We'll use the reader to print the value of each row. Let's assume we
have a `print()` method available to us.

The key steps:

* Get a reader somehow.
* Iterate over the rows.
* For each, call a method to print the row
* Print column `a`
* Iterate over the values in `b` and print them
* Recursively call this method to visit the columns in map `c`.

Here is the code:

```
    RowSetReader reader = ...

    while (reader.next()) {
      print(reader.scalar("a").getString());
      ArrayReader bReader = reader.array("b");
      while (bReader.next()) {
        print(bReader.scalar().getInt());
      }
      TupleReader cReader = reader.tuple("c");
      print(cReader.scalar("c1").getInt());
      print(cReader.scalar("c2").getString());
      endRow();
    }
```

## Futures

The reader code is complete and tested for all types of Drill vectors
(including the obscure `List` and `Union` vectors.) Extensive unit tests
show that the code works for direct, indirect (SV2) and hyper (SV4) cases.

The two key future extensions are possible.

First, as described earlier, provide a more efficient way to retrieve values
for interval and decimal types. (The current implementation uses objects,
hich is fine for testing, but slow in production.)

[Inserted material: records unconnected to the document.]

(* Let $K\subset\mathbb R$ be compact, let $h:\mathbb R\to\mathbb R$ be a continuous increasing function with $h(0)=0$, and let $\varepsilon>0$. Then there exists a flow map $\varphi$ of the one-dimensional control system $\dot x=\theta_1x^3+\theta_2x^2$ with control $\theta=(\theta_1,\theta_2)\in\mathbb R^2$ (i.e. $\varphi\in\mathcal A_{\mathcal F}(K)$) such that $\|\varphi-h\|_{C(K)}<\varepsilon$.
   Context: Controls are piecewise constant; $\mathcal F=\{x\mapsto\theta_1x^3+\theta_2x^2:\theta\in\mathbb R^2\}$. For $g\in\mathcal F$, $\varphi^g_t$ is the time-$t$ flow of $\dot x=g(x)$. $\mathcal A_{\mathcal F}(K)$ is the set of compositions $\varphi^{f_k}_{t_k}\circ\cdots\circ\varphi^{f_1}_{t_1}$ on $K$ where, with $K_0=K$, each $t_j\ge0$ is smaller than the maximal time for which the flow of $f_j\in\mathcal F$ exists for all initial points in $K_{j-1}$, and $K_j=\varphi^{f_j}_{t_j}(K_{j-1})$. $\|\cdot\|_{C(K)}$ is the supremum norm on $K$. *)

From Stdlib Require Import Reals.
From Coquelicot Require Import Coquelicot.
Open Scope R_scope.

Definition fam (theta1 theta2 : R) (x : R) : R := theta1 * x ^ 3 + theta2 * x ^ 2.

Definition is_solution (g : R -> R) (x0 T : R) (sol : R -> R) : Prop :=
  sol 0 = x0 /\
  (forall s, 0 <= s <= T -> continuity_pt sol s) /\
  (forall s, 0 < s < T -> is_derive sol s (g (sol s))).

Definition flow_exists_on (g : R -> R) (S : R -> Prop) (T : R) : Prop :=
  forall x, S x -> exists sol, is_solution g x T sol.

Definition admissible_time (g : R -> R) (S : R -> Prop) (t : R) : Prop :=
  0 <= t /\ exists T, t < T /\ flow_exists_on g S T.

Definition is_flow_value (g : R -> R) (x t y : R) : Prop :=
  exists sol, is_solution g x t sol /\ sol t = y.

Inductive in_AF (K : R -> Prop) : (R -> R) -> Prop :=
| AF_id : in_AF K (fun x => x)
| AF_step (phi psi : R -> R) (theta1 theta2 t : R) :
    in_AF K phi ->
    admissible_time (fam theta1 theta2) (fun y => exists x, K x /\ y = phi x) t ->
    (forall x, K x -> is_flow_value (fam theta1 theta2) (phi x) t (psi x)) ->
    in_AF K psi.

(* In the coordinate u = 1/x the time-one maps of the fields s x^2 and (c/2) x^3 are the
   translation u |-> u - s and u |-> sgn(u) sqrt(u^2 - c).  Every composition of such maps is
   increasing and fixes x = 0.  Conjugating the second map by a translation gives a vortex
   centred at sigma, which moves sigma + d to sigma + 2d when c = 3d^2 and displaces points at
   distance g from sigma by at most |c|/g.  Chaining many small vortices therefore pushes one
   point anywhere on its side of the origin while moving the points beyond it arbitrarily
   little; by induction on the number of points, finitely many points of each sign can be sent
   as close as we like to any targets ordered in the same way.  Matching h on a fine grid of
   [-M, M] then suffices, because both maps are increasing and agree at 0. *)

From Stdlib Require Import Reals.
From Coquelicot Require Import Coquelicot.
From Stdlib Require Import Lra Psatz List.
Import ListNotations.
Open Scope R_scope.

Lemma continuity_pt_of_ex_derive (f : R -> R) (x : R) :
  ex_derive f x -> continuity_pt f x.
Proof.
  intro H. apply continuity_pt_filterlim. exact (ex_derive_continuous f x H).
Qed.

Lemma continuity_pt_eps_delta (f : R -> R) (x : R) : continuity_pt f x ->
  forall e, 0 < e -> exists d, 0 < d /\ forall y, Rabs (y - x) < d -> Rabs (f y - f x) < e.
Proof.
  intros H e He. destruct (H e He) as [d [Hd Hy]]. exists d. split; [lra|].
  intros y Hyd. destruct (Req_dec y x) as [->|Hne].
  - rewrite Rminus_diag, Rabs_R0. exact He.
  - apply (Hy y). split; [split; [exact I|auto]|exact Hyd].
Qed.

Lemma exists_nat_div_lt (D B : R) : 0 < B -> exists n : nat, D / INR (S n) < B.
Proof.
  intro HB. destruct (INR_unbounded (D / B)) as [n Hn]. exists n.
  rewrite S_INR. pose proof (pos_INR n).
  apply (Rmult_lt_reg_r (INR n + 1)); [lra|].
  replace (D / (INR n + 1) * (INR n + 1)) with D by (field; lra).
  replace D with (D / B * B) by (field; lra). nra.
Qed.

Lemma linear_path_between (p q : R) (N k : nat) : (0 < N)%nat -> (k <= N)%nat ->
  Rmin p q <= p + INR k * ((q - p) / INR N) <= Rmax p q.
Proof.
  intros HN Hk. assert (HN' : 0 < INR N) by (apply lt_0_INR, HN).
  assert (Ht : 0 <= INR k / INR N <= 1).
  { split; [apply Rdiv_le_0_compat; [apply pos_INR|exact HN']|].
    apply (Rmult_le_reg_r (INR N)); [exact HN'|]. field_simplify; [apply le_INR, Hk|lra]. }
  replace (p + INR k * ((q - p) / INR N)) with (p + INR k / INR N * (q - p)) by (field; lra).
  unfold Rmin, Rmax. destruct (Rle_dec p q); split; nra.
Qed.

Lemma increasing_range (f : nat -> R) (k : nat) : (forall i, (i < k)%nat -> f i < f (S i)) ->
  forall i, (i <= k)%nat -> f 0%nat <= f i <= f k.
Proof.
  intros Hf i Hi.
  assert (Hle : forall j j', (j <= j' <= k)%nat -> f j <= f j').
  { intros j j' [Hjj' Hj'k]. induction Hjj' as [|j' Hjj' IH]; [lra|].
    apply Rle_trans with (f j'); [apply IH; lia|apply Rlt_le, Hf; lia]. }
  split; apply Hle; lia.
Qed.

Lemma decreasing_range (f : nat -> R) (k : nat) : (forall i, (i < k)%nat -> f (S i) < f i) ->
  forall i, (i <= k)%nat -> f k <= f i <= f 0%nat.
Proof.
  intros Hf i Hi. destruct (increasing_range (fun j => - f j) k) with (i := i); auto; [|lra].
  intros j Hj. apply Ropp_lt_contravar, Hf, Hj.
Qed.

Lemma Rinv_decreasing (f : nat -> R) (k : nat) : 0 < f 0%nat ->
  (forall i, (i < k)%nat -> f i < f (S i)) -> forall i, (i < k)%nat -> / f (S i) < / f i.
Proof.
  intros H0 Hf i Hi. destruct (increasing_range f k Hf i ltac:(lia)).
  specialize (Hf i Hi). apply Rinv_lt_contravar; nra.
Qed.

Lemma Rinv_increasing_neg (f : nat -> R) (k : nat) : f 0%nat < 0 ->
  (forall i, (i < k)%nat -> f (S i) < f i) -> forall i, (i < k)%nat -> / f i < / f (S i).
Proof.
  intros H0 Hf i Hi. apply Ropp_lt_cancel. rewrite <- !Rinv_opp.
  apply (Rinv_decreasing (fun j => - f j) k); [lra| |exact Hi].
  intros j Hj. apply Ropp_lt_contravar, Hf, Hj.
Qed.

Lemma Rabs_sub_triang_lt (x y z e1 e2 : R) : Rabs (x - y) <= e1 -> Rabs (y - z) < e2 ->
  Rabs (x - z) < e1 + e2.
Proof.
  intros H1 H2. replace (x - z) with ((x - y) + (y - z)) by ring.
  eapply Rle_lt_trans; [apply Rabs_triang|lra].
Qed.

Lemma sqrt_sq_add_dev (a c : R) : 0 < a -> 0 <= a ^ 2 + c ->
  Rabs (sqrt (a ^ 2 + c) - a) <= Rabs c / a.
Proof.
  intros Ha Hc. set (s := sqrt (a ^ 2 + c)).
  assert (Hs : 0 <= s) by apply sqrt_pos.
  assert (Hs2 : s * s = a ^ 2 + c) by (apply sqrt_sqrt; exact Hc).
  replace (s - a) with (c / (s + a))
    by (apply (Rmult_eq_reg_r (s + a)); [field_simplify; nra|]; lra).
  unfold Rdiv. rewrite Rabs_mult, (Rabs_pos_eq (/ (s + a))) by (left; apply Rinv_0_lt_compat; lra).
  apply Rmult_le_compat_l; [apply Rabs_pos|]. apply Rinv_le_contravar; lra.
Qed.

Second, provide a multi-batch (not hyper-batch) reader. That is, a reader
that accepts a sequence of batches, such as would be needed in, say, the
filter or project operators. The batches are sequential over time. If the
schema is identical, then the only task is to reset the indexes to 0 and
set the new row count. If the schema changes (which we probably should not
support), rebuild the readers to match the new schema.

The multi-batch reader (call it a "result set reader") is the read dual
of the "result set loader" for writing. This parallels the single-batch
reader and writer in the row set package.